Vilma adoraba a Julius. Sus orejotas, su pinta increíble habían despertado en ella enorme cariño y un sentido del humor casi tan fi­­­no como el de la señora Susan, la madre de Julius, a quien la ser­vi­dumbre criticaba un poco últimamente porque diario salía de noche y no regresaba hasta las mil y quinientas.

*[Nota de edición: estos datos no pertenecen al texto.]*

(* Let $0<H<1$, let $B_H$ be a fractional Brownian motion on $[0,1]$ with Hurst parameter $H$, and let $\|\cdot\|$ be a norm on the H\''older space $C_0^\gamma[0,1]$ for some $0<\gamma<H$ such that there are constants $\theta,C_1,C_2>0$ with \[ -C_1\varepsilon^{-\theta}\le \log \mathbb{P}\big[\|B_H\|\le \varepsilon\big]\le -C_2\varepsilon^{-\theta},\qquad \varepsilon\in(0,1]. \] Let $\eta_k(H)=\mathbb{E}\big[\|B_H\|^{-k}\big]$. Then $\eta_k(H)=k^{k/\theta+o(k)}$ as $k\uparrow\infty$. *)

From HB Require Import structures.
From mathcomp Require Import all_boot all_order all_algebra.
From mathcomp Require Import all_classical all_reals all_analysis.
Set Implicit Arguments. Unset Strict Implicit. Unset Printing Implicit Defensive.
Import Order.TTheory GRing.Theory Num.Theory.
Import numFieldNormedType.Exports.
Local Open Scope classical_set_scope.
Local Open Scope ring_scope.

Section defs.
Context {R : realType}.

Definition fbm_cov (H s t : R) : R :=
  (`|s| `^ (2 * H) + `|t| `^ (2 * H) - `|t - s| `^ (2 * H)) / 2.

Definition centered_gaussian_law {d} {T : measurableType d}
    (P : probability T R) (Y : T -> R) (v : R) : Prop :=
  measurable_fun setT Y /\
  forall A : set R, measurable A ->
    P (Y @^-1` A) = (if v == 0 then \d_(0 : R) A
                     else normal_prob 0 (Num.sqrt v) A).

(** Paths are functions R -> R of which only the restriction to [0,1]
    matters. *)
Definition is_fBM {d} {T : measurableType d} (P : probability T R)
    (H : R) (B : T -> R -> R) : Prop :=
  forall (n : nat) (t : 'I_n -> R) (a : 'I_n -> R),
    (forall i, 0 <= t i <= 1) ->
    centered_gaussian_law P (fun w => \sum_(i < n) a i * B w (t i))
      (\sum_(i < n) \sum_(j < n) a i * a j * fbm_cov H (t i) (t j)).

Definition hoelder0 (gamma : R) (f : R -> R) : Prop :=
  f 0 = 0 /\
  exists C : R, forall s t : R, 0 <= s <= 1 -> 0 <= t <= 1 ->
    `|f t - f s| <= C * `|t - s| `^ gamma.

(** N is a norm on C_0^gamma[0,1] (functions are identified when they
    agree on [0,1]). *)
Definition is_norm_on_hoelder0 (gamma : R) (N : (R -> R) -> R) : Prop :=
  [/\ (forall f g, hoelder0 gamma f -> hoelder0 gamma g ->
         (forall t, 0 <= t <= 1 -> f t = g t) -> N f = N g),
      (forall f, hoelder0 gamma f -> 0 <= N f),
      (forall f, hoelder0 gamma f -> N f = 0 -> forall t, 0 <= t <= 1 -> f t = 0),
      (forall (c : R) f, hoelder0 gamma f -> N (fun t => c * f t) = `|c| * N f) &
      (forall f g, hoelder0 gamma f -> hoelder0 gamma g ->
         N (fun t => f t + g t) <= N f + N g)].

Definition eta_moment {d} {T : measurableType d} (P : probability T R)
    (N : (R -> R) -> R) (B : T -> R -> R) (k : nat) : \bar R :=
  (\int[P]_w ((N (B w)) ^- k)%:E)%E.

End defs.

From HB Require Import structures.
From mathcomp Require Import all_boot all_order all_algebra.
From mathcomp Require Import all_classical all_reals all_analysis.
From mathcomp Require Import ring lra measurable_realfun.
Import Order.TTheory GRing.Theory Num.Theory.
Import numFieldNormedType.Exports.
Local Open Scope classical_set_scope.
Local Open Scope ring_scope.

(* Write X = ||B_H|| and F e = P [X <= e]; only the small-ball bounds on F are used.
   Lower bound: X^-k >= k^(k/theta) on {X <= k^(-1/theta)}, an event of probability
   at least e^(-C1 k).
   Upper bound: cutting {X <= 1} into the layers e^(-j-1) < X <= e^(-j),
     E[X^-k] <= 1 + sum_j e^((j+1)k) F (e^-j) <= 1 + sum_j exp (k + m s_j - C2 e^s_j)
   with m = k/theta and s_j = theta j.  Split C2 e^s into two halves c e^s: the
   Fenchel-Young inequality m s - c e^s <= m ln (m/c) - m bounds the first one by
   (k/theta) ln k + O(k), and c e^s >= c (1 + s) turns the second into the geometric
   factor e^(-c theta j).  Hence ln E[X^-k] = (k/theta) ln k + O(k), which is the
   claim with r k = O(k / ln k). *)

Section real_estimates.
Context {R : realType}.

Lemma mul_sub_expR_le (m c s : R) : 0 < m -> 0 < c ->
  m * s - c * expR s <= m * ln (m / c) - m.
Proof.
move=> m0 c0; set u := s - ln (m / c).
have ecs : c * expR s = m * expR u.
  rewrite /u expRB lnK ?posrE ?divr_gt0 //.
  by field; rewrite !gt_eqF.
have := ler_wpM2l (ltW m0) (expR_ge1Dx u).
rewrite ecs /u; lra.
Qed.

Lemma cvg_div_ln_div0 (K : R) (g : nat -> R) :
  (\forall k \near \oo, `|g k| <= K * k%:R) ->
  (fun k : nat => g k / ln (k%:R : R) / k%:R) @ \oo --> 0.
Proof.
move=> gK; apply/cvgrPdist_le => e e0.
near=> k.
have k1 : (1 : R) < k%:R by near: k; exact: nbhs_infty_gtr.
have lnk : K / e < ln (k%:R : R).
  rewrite -ltr_expR lnK ?posrE ?(lt_trans ltr01) //.
  by near: k; exact: nbhs_infty_gtr.
have k0 : (0 : R) < k%:R by exact: lt_trans k1.
have lk0 : 0 < ln (k%:R : R) by rewrite ln_gt0.
rewrite sub0r normrN -mulrA -invfM normrM normfV [`|_ * _|]gtr0_norm ?mulr_gt0 //.
have gk : `|g k| <= K * k%:R by near: k; exact: gK.
have Kle : K <= e * ln (k%:R : R) by rewrite ltW // mulrC -ltr_pdivrMr.
by rewrite ler_pdivrMr ?mulr_gt0 // (le_trans gk) // mulrA ler_wpM2r // ltW.
Unshelve. all: by end_near.
Qed.

Lemma layer_exponent_le (theta c x t : R) :
  0 < theta -> 0 < c -> 0 < x ->
  x + x / theta * t - 2 * c * expR t <=
  x / theta * ln x + x * (1 + `|ln (theta * c)| / theta) - c * t.
Proof.
move=> th0 c0 x0; set m := x / theta.
have m0 : 0 < m by rewrite divr_gt0.
have conj := @mul_sub_expR_le m c t m0 c0.
have lin : c * (1 + t) <= c * expR t by rewrite ler_pM2l // expR_ge1Dx.
have lnmc : m * ln (m / c) <= m * ln x + x * (`|ln (theta * c)| / theta).
  have -> : x * (`|ln (theta * c)| / theta) = m * `|ln (theta * c)| by rewrite /m; ring.
  have -> : m / c = x / (theta * c) by rewrite /m -mulrA -invfM.
  rewrite ln_div ?posrE ?mulr_gt0 // mulrBr lerD2l -mulrN ler_pM2l //.
  by rewrite -normrN ler_norm.
have : 0 <= m by exact: ltW.
lra.
Qed.

Lemma invXn_le_layer (x : R) (k : nat) : 0 < x <= 1 ->
  exists j : nat, x <= expR (- j%:R) /\ x ^- k <= expR (j.+1%:R * k%:R).
Proof.
case/andP => x0 x1; set t := - ln x.
have t0 : 0 <= t by rewrite oppr_ge0 ln_le0.
have /andP[jt tj] := truncn_itv t0.
exists (Num.truncn t); split.
  by rewrite -(lnK x0) ler_expR lerNr.
rewrite -(lnK x0) -expRM_natl -expRN ler_expR -mulrN -/t mulrC.
by apply: ler_wpM2r => //; exact: ltW.
Qed.

Lemma nneseries_geometric_le (a q : R) : 0 <= a -> 0 < q < 1 ->
  (\sum_(j <oo) (a * q ^+ j)%:E <= (a / (1 - q))%:E)%E.
Proof.
move=> a0 /andP[q0 q1]; apply: lime_le.
  by apply: is_cvg_nneseries => n _ _; rewrite lee_fin mulr_ge0 // exprn_ge0 // ltW.
apply: nearW => n; rewrite sumEFin lee_fin.
by have := @geometric_le_lim R n a q a0 q0; rewrite gtr0_norm //; exact.
Qed.

End real_estimates.

Section inverse_moments.
Context d (T : measurableType d) (R : realType) (P : probability T R).
Variable X : T -> R.
Hypotheses (mX : measurable_fun setT X) (X0 : forall w, 0 <= X w).

Lemma measurable_sublevel (e : R) : measurable [set w | X w <= e].
Proof.
have := mX measurableT _ (measurable_itv `]-oo, e]); rewrite setTI.
by congr measurable; apply/seteqP; split => w /=; rewrite in_itv.
Qed.

Lemma fine_sublevel_le (a b : R) : a <= b ->
  fine (P [set w | X w <= a]) <= fine (P [set w | X w <= b]).
Proof.
move=> ab; apply: fine_le; try exact: fin_num_measure (measurable_sublevel _).
by apply: le_measure; rewrite ?inE; try exact: measurable_sublevel; move=> w /= /le_trans; apply.
Qed.

Lemma measurable_invXn (k : nat) : measurable_fun setT (fun w => X w ^- k).
Proof.
have -> : (fun w => X w ^- k) = (fun x : R => x `^ (- k%:R)) \o X.
  by apply/funext => w /=; rewrite powR_invn.
exact: measurableT_comp (@measurable_powR R _) mX.
Qed.

Lemma integral_scaled_indic (c : R) (A : set T) : 0 <= c -> measurable A ->
  (\int[P]_w (c * \1_A w)%:E = (c * fine (P A))%:E)%E.
Proof.
move=> c0 mA.
rewrite (_ : (fun w => _) = (fun w => c%:E * (\1_A w)%:E)%E); last first.
  by apply/funext => w; rewrite EFinM.
rewrite (ge0_integralZl_EFin P measurableT) //.
- by rewrite integral_indic // setIT EFinM fineK ?fin_num_measure.
- by apply/measurable_EFinP; exact: measurable_indic.
Qed.

(* The null-set hypothesis is needed because [0 ^- k = 0]. *)
Lemma integral_invXn_ge (k : nat) (u : R) : 0 < u ->
  P [set w | X w <= 0] = 0%E ->
  ((u ^- k * fine (P [set w | X w <= u]))%:E <= \int[P]_w (X w ^- k)%:E)%E.
Proof.
move=> u0 P0.
set A := [set w | X w <= u] `\` [set w | X w <= 0].
have mA : measurable A by apply: measurableD; exact: measurable_sublevel.
have PA : P A = P [set w | X w <= u].
  rewrite [RHS](measureDI P (measurable_sublevel u) (measurable_sublevel 0)) -/A.
  rewrite [X in (_ + X)%E](subset_measure0 _ _ (@subIsetr _ _ _) P0) ?adde0 //.
  - by apply: measurableI; exact: measurable_sublevel.
  - exact: measurable_sublevel.
have uk0 : 0 <= u ^- k by rewrite invr_ge0 exprn_ge0 // ltW.
rewrite -PA -integral_scaled_indic //.
apply: ge0_le_integral => //.
- by move=> w _; rewrite lee_fin mulr_ge0.
- by apply/measurable_EFinP; apply: measurable_funM => //; exact: measurable_indic.
- by apply/measurable_EFinP; exact: measurable_invXn.
move=> w _; rewrite lee_fin indicE.
have [/set_mem [Xu /negP]|_] := boolP (w \in A); last by rewrite mulr0 invr_ge0 exprn_ge0.
rewrite -ltNge mulr1 => Xw0.
rewrite lef_pV2 ?posrE ?exprn_gt0 //.
by apply: lerXn2r => //; rewrite nnegrE ?X0 ?ltW.
Qed.

Lemma integral_invXn_le_layers (k : nat) :
  (\int[P]_w (X w ^- k)%:E <= 1 + \sum_(j <oo)
     (expR (j.+1%:R * k%:R) * fine (P [set w | X w <= expR (- j%:R)]))%:E)%E.
Proof.
pose G (j : nat) (w : T) :=
  ((expR (j.+1%:R * k%:R) : R) * \1_[set w | X w <= expR (- j%:R)] w)%:E.
have G0 j w : (0 <= G j w)%E by rewrite lee_fin mulr_ge0 ?expR_ge0.
have mG j : measurable_fun setT (G j).
  apply/measurable_EFinP; apply: measurable_funM => //.
  exact/measurable_indic/measurable_sublevel.
have sumG0 w : (0 <= \sum_(j <oo) G j w)%E by apply: nneseries_ge0.
have pointwise w : ((X w ^- k)%:E <= 1 + \sum_(j <oo) G j w)%E.
  have [/(@invXn_le_layer _ _ k) [j [Xj Xk]]|Xw] := boolP (0 < X w <= 1); last first.
    apply: (le_trans _ (leeDl 1%E (sumG0 w))); rewrite lee_fin.
    move: Xw; rewrite negb_and -leNgt -ltNge; case/orP => [Xw0 | Xw1].
      have -> : X w = 0 by apply/eqP; rewrite eq_le Xw0 X0.
      by rewrite expr0n; case: (k == 0%N); rewrite ?invr1 ?invr0.
    by rewrite invf_le1 ?exprn_gt0 ?(lt_trans ltr01) // exprn_ege1 ?ltW.
  apply: (le_trans _ (leeDr _ lee01)); rewrite (nneseriesD1 (n := j)) //.
  apply: (le_trans _ (leeDl _ _)); last by apply: nneseries_ge0.
  by rewrite /G indicE mem_set // mulr1 lee_fin.
apply: (le_trans (ge0_le_integral P measurableT _ _ _ (fun w _ => pointwise w))).
- by move=> w _; rewrite lee_fin invr_ge0 exprn_ge0.
- by apply/measurable_EFinP; exact: measurable_invXn.
- apply: emeasurable_funD => //; exact: ge0_emeasurable_sum.
rewrite ge0_integralD //; last exact: ge0_emeasurable_sum.
rewrite (integral_cst P measurableT 1) integral_nneseries //.
rewrite [X in (X + _ <= _)%E](_ : _ = 1%E); last by rewrite mul1e; exact: probability_setT.
apply: leeD2l; apply: lee_nneseries => [j _ _|j _]; first exact: integral_ge0.
by rewrite integral_scaled_indic ?expR_ge0 //; exact: measurable_sublevel.
Qed.

Section small_ball.
Variables theta C1 C2 : R.
Hypotheses (theta0 : 0 < theta) (C10 : 0 < C1) (C20 : 0 < C2).
Local Notation F e := (fine (P [set w | X w <= e])).
Hypothesis small_ball : forall eps : R, 0 < eps <= 1 ->
  - C1 * eps `^ (- theta) <= ln (F eps) /\ ln (F eps) <= - C2 * eps `^ (- theta).

Lemma small_ball_expR (y : R) : 0 <= y ->
  expR (- C1 * expR (theta * y)) <= F (expR (- y)) <= expR (- C2 * expR (theta * y)).
Proof.
move=> y0.
have [lo up] : - C1 * expR (theta * y) <= ln (F (expR (- y))) /\
               ln (F (expR (- y))) <= - C2 * expR (theta * y).
  rewrite (_ : expR (theta * y) = expR (- y) `^ (- theta)); last first.
    by rewrite -expRM mulrNN mulrC.
  by apply: small_ball; rewrite expR_gt0 expR_le1 oppr_le0.
have Fpos : 0 < F (expR (- y)).
  (* [ln 0 = 0], so the upper bound rules out [F = 0]. *)
  rewrite lt_neqAle fine_ge0 ?measure_ge0 // andbT; apply/eqP => F0.
  move: up; rewrite -F0 ln0 //; have := mulr_gt0 C20 (expR_gt0 (theta * y)); lra.
by rewrite -(lnK Fpos) !ler_expR lo up.
Qed.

Siempre lo despertaba. Y eso que Julius se dormía mucho después de que Vilma lo había dejado bien dormidito: se hacía el dormido y, en cuanto ella se marchaba, abría grandazos los ojos y pensaba re­gularmente un par de horas en miles de cosas. Pensaba en el amor que Vilma sentía por él, por ejemplo; pensaba y pensaba y todo se le hacía un mundo porque Vilma, aunque era medio blancona, era también medio india y sin embargo nunca se quejaba de andar me­tida entre todos los indios muertos que había ahí en Fuerte Apache; además, nunca había manifestado simpatía por Jerónimo, más bien miraba a Gary Cooper, claro que todo eso pasaba en los Estados Uni­dos, pero indios y mi dormitorio y Celso ese sí que es indio... Así hasta que se dormía, tal vez esperando que los pasos de mami en la escalera lo despertaran, ahí llega, sube. Julius escuchaba sus pa­sos en la escalera y sentía adoración, se acerca, pasa por la puerta, sigue de largo hacia su cuarto, al fondo del corredor, donde murió papi, donde mañana iré a despertarla linda... Se dormía rapidito para ir a despertarla cuanto antes, siempre la despertaba.

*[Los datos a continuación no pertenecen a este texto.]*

Lemma annihilator_normalize F : F != 0 -> (forall v, evXY F v = 0) ->
  exists D : {poly {poly k}}, [/\ D`_0 != 0, (1 < size D)%N & forall v, evXY D v = 0].
Proof.
move=> nz_F F_ann.
have F_nz_coef : exists t, F`_t != 0.
  by exists (size F).-1; rewrite -lead_coefE lead_coef_eq0.
have [t Ft t_min] := ex_minnP F_nz_coef.
pose D := drop_poly t F; exists D.
have def_F : F = D * 'X^t.
  rewrite -[LHS](poly_take_drop t) [take_poly t F](_ : _ = 0) ?add0r //.
  apply/polyP => i; rewrite coef_take_poly coef0; case: ltnP => // lt_it.
  by apply/eqP; apply: contraTT lt_it => /t_min; rewrite -leqNgt.
have D_ann v : evXY D v = 0.
  by rewrite -(iterYK t v) -evXY_Xn -(actM evXY_action) -def_F.
have D0 : D`_0 = F`_t by rewrite coef_drop_poly.
split=> //; first by rewrite D0.
rewrite ltnNge; apply/negP => /size1_polyC D_const.
have [v nz_v] := V_nontrivial; have [inj _] := evX_inv Ft.
by move: nz_v; rewrite (inj v) ?eqxx // -D0 -evXY_C -D_const.
Qed.

Variable D : {poly {poly k}}.
Hypotheses (D0 : D`_0 != 0) (D_size : (1 < size D)%N) (D_ann : forall v, evXY D v = 0).

Let n := (size D).-1.
Let gens := [seq (j, i) | j <- iota 0 n, i <- undup s].
Let gen (x : nat * I) := iter x.1 Y (w x.2).

Lemma mem_gens j i : ((j, i) \in gens) = (j < n)%N && (i \in s).
Proof.
apply/allpairsP/andP => [[[j' i'] /= [j'_n i'_s [-> ->]]] | [lt_jn si]].
  by rewrite mem_iota in j'_n; rewrite -mem_undup.
by exists (j, i); rewrite mem_iota mem_undup.
Qed.

Lemma gens_uniq : uniq gens.
Proof.
by apply: allpairs_uniq; [apply: iota_uniq | apply: undup_uniq | move=> [? ?] [? ?] _ _].
Qed.

Lemma gen_in_span j i : (j < n)%N -> i \in s -> in_span evX gen gens (iter j Y (w i)).
Proof.
move=> lt_jn si; apply: (in_span_gen evX_action gen (i := (j, i)) gens_uniq).
by rewrite mem_gens lt_jn.
Qed.

Lemma size_D : size D = n.+1.
Proof. by rewrite prednK // ltnW. Qed.

Lemma ev2D_expand v : \sum_(j < n.+1) iter j Y (evX D`_j v) = 0.
Proof. by rewrite -[RHS](D_ann v) /evXY /poly_action size_D. Qed.

Lemma D_relation_lead v : evX (lead_coef D) (iter n Y v) = - \sum_(j < n) evX D`_j (iter j Y v).
Proof.
apply/eqP; rewrite -addr_eq0 addrC; apply/eqP; rewrite -[RHS](ev2D_expand v) big_ord_recr /=.
by rewrite lead_coefE -iterY_evX; congr (_ + _); apply: eq_bigr => j _; rewrite iterY_evX.
Qed.

Lemma D_relation_const v : evX D`_0 (Yi v) = - \sum_(j < n) evX D`_j.+1 (iter j Y v).
Proof.
apply/eqP; rewrite -addr_eq0; apply/eqP; rewrite -[RHS](ev2D_expand (Yi v)) big_ord_recl /=.
congr (_ + _); apply: eq_bigr => j _.
by rewrite /bump /= add1n add0n -iterS iterY_evX iterSr YiK.
Qed.

Lemma gen_Y x : x \in gens -> in_span evX gen gens (evX (lead_coef D) (Y (gen x))).
Proof.
case: x => j i; rewrite mem_gens => /andP[lt_jn si] /=; rewrite -iterS.
have [lt_j1n | le_nj1] := ltnP j.+1 n.
  exact/(in_span_act evX_action)/gen_in_span.
have -> : j.+1 = n by apply/eqP; rewrite eqn_leq lt_jn.
rewrite D_relation_lead -sumrN; apply: (in_span_sum evX_action) => j' _.
by rewrite -(actN evX_action); apply/(in_span_act evX_action)/gen_in_span.
Qed.

Lemma gen_Yi x : x \in gens -> in_span evX gen gens (evX D`_0 (Yi (gen x))).
Proof.
case: x => [[|j] i]; rewrite mem_gens => /andP[lt_jn si] /=.
  rewrite D_relation_const -sumrN; apply: (in_span_sum evX_action) => j' _.
  by rewrite -(actN evX_action); apply/(in_span_act evX_action)/gen_in_span.
by rewrite YK; apply/(in_span_act evX_action)/gen_in_span => //; apply: ltnW.
Qed.

Lemma algebraic_local_span v : in_local_span evX gen gens ('X * D`_0 * lead_coef D) v.
Proof.
elim: (spanned v) => {v} [i si | | u v _ ? _ ? | c u _ ? | u _ ? | u _ ? | u _ ? | u _ ?].
- by apply/(in_local_span_span evX_action)/(gen_in_span (j := 0)); move: D_size; rewrite size_D.
- exact/(in_local_span_span evX_action)/(in_span0 evX_action).
- exact: (in_local_spanD evX_action).
- by rewrite -evX_C; apply: (in_local_span_act evX_action).
- by rewrite -evX_X; apply: (in_local_span_act evX_action).
- apply: (in_local_span_op evX_action Xi_lin (evX_comm Xi_lin comm_XiX)) => // x gx.
  rewrite -mulrA mulrC (actM evX_action) evX_X XiK.
  exact/(in_span_act evX_action)/(in_span_gen evX_action gen gens_uniq gx).
- apply: (in_local_span_op evX_action Y_lin (evX_comm Y_lin comm_YX)) => // x gx.
  by rewrite (actM evX_action); apply/(in_span_act evX_action)/gen_Y.
- apply: (in_local_span_op evX_action Yi_lin (evX_comm Yi_lin comm_YiX)) => // x gx.
  by rewrite mulrAC (actM evX_action); apply/(in_span_act evX_action)/gen_Yi.
Qed.

Lemma algebraic_Y_contra : False.
Proof.
have nz_g : 'X * D`_0 * lead_coef D != 0.
  by rewrite !mulf_neq0 ?polyX_eq0 // lead_coef_eq0 -size_poly_eq0 size_D.
exact: (no_finite_local_span evX_action evX_inv (@poly_nonGoldman k) V_nontrivial
  gens_uniq nz_g algebraic_local_span).
Qed.

End AlgebraicY.

Section TranscendentalXY.
Hypothesis evXY_inv : forall F, F != 0 -> invertible (evXY F).

Lemma transcendental_local_span v : in_local_span evXY w (undup s) ('X%:P * 'X) v.
Proof.
have s_uniq := undup_uniq s.
have w_in i : i \in s -> in_span evXY w (undup s) (w i).
  by move=> si; apply: (in_span_gen evXY_action w s_uniq); rewrite mem_undup.
elim: (spanned v) => {v} [i si | | u v _ ? _ ? | c u _ ? | u _ ? | u _ ? | u _ ? | u _ ?].
- exact/(in_local_span_span evXY_action)/w_in.
- exact/(in_local_span_span evXY_action)/(in_span0 evXY_action).
- exact: (in_local_spanD evXY_action).
- by rewrite -evX_C -evXY_C; apply: (in_local_span_act evXY_action).
- by rewrite -evX_X -evXY_C; apply: (in_local_span_act evXY_action).
- apply: (in_local_span_op evXY_action Xi_lin (evXY_comm Xi_lin comm_XiX comm_XiY)) => // i.
  rewrite mem_undup => si; rewrite mulrC (actM evXY_action) evXY_C evX_X XiK.
  exact/(in_span_act evXY_action)/w_in.
- by rewrite -evXY_X; apply: (in_local_span_act evXY_action).
- apply: (in_local_span_op evXY_action Yi_lin (evXY_comm Yi_lin comm_YiX comm_YiY)) => // i.
  rewrite mem_undup => si; rewrite (actM evXY_action) evXY_X YiK.
  exact/(in_span_act evXY_action)/w_in.
Qed.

Para Vilma era un templo; para Julius, el paraíso; para Susan, su dormitorio, donde ahora dormía viuda, a los treinta y tres años y linda. Vilma lo llevaba hasta ahí todas las mañanas, alrededor de las once. La escena se repetía siempre: Susan dormía profundamente y a ellos les daba no sé qué entrar. Se quedaban parados aguaitando por la puerta entreabierta hasta que, de pronto, Vilma se armaba de valor y le daba un empujoncito que lo ponía en marcha hacia la ca­ma soñada, con techo, con columnas retorcidas, con tules y con ange­litos barrocos esculpidos en los cuatro ángulos superiores. Ju­lius volteaba a mirar hacia la puerta, desde donde Vil­ma le hacía señas pa­ra que la tocara; entonces él extendía una mano, la introducía apar­tando dos tules y veía a su madre tal cual era, sin una gota de ma­qui­llaje, profundamente dormida, bellísima. Por fin se decidía a tocarla, su ma­no alcanzaba apenas el brazo de Su­san y ella, que despertaba siempre viviendo un último instante lo de anoche, respondía con una sonrisa dirigida a través de la mesa de un club noc­turno, al hombre que acariciaba su mano. Julius la tocaba nue­vamente: Su­san giraba dándole la espalda y escondiendo la cara en la almohada para volver a dormirse, porque durante un segundo aca­baba de regresar cansada de tanto bailar y no veía las horas de acos­tar­se. «Ma­mi», le decía, atrevido, gritándole suavecito, casi re­sondrándola en broma, enva­lentonado por las señas de Vilma desde la puerta. Su­san empezaba a enterarse de la llegada del día pero, aprovechando que aún no había abierto los ojos, volvía a dirigir una sonrisa a través de la mesa de un club nocturno e insistía en gi­rar hundiéndose un poco más en el lado hacia el cual se había volteado al acostarse can­sa­da, la segunda vez que Julius la tocó; luego, en una fracción de segundo, dormía íntegra su noche hasta que ella misma dejaba que el eco del «mami», pro­nunciado por Julius, se filtrara iluminándole la llegada del día, rea­pareciendo por fin en una sonrisa dulce y perezosa que esta vez sí era para él.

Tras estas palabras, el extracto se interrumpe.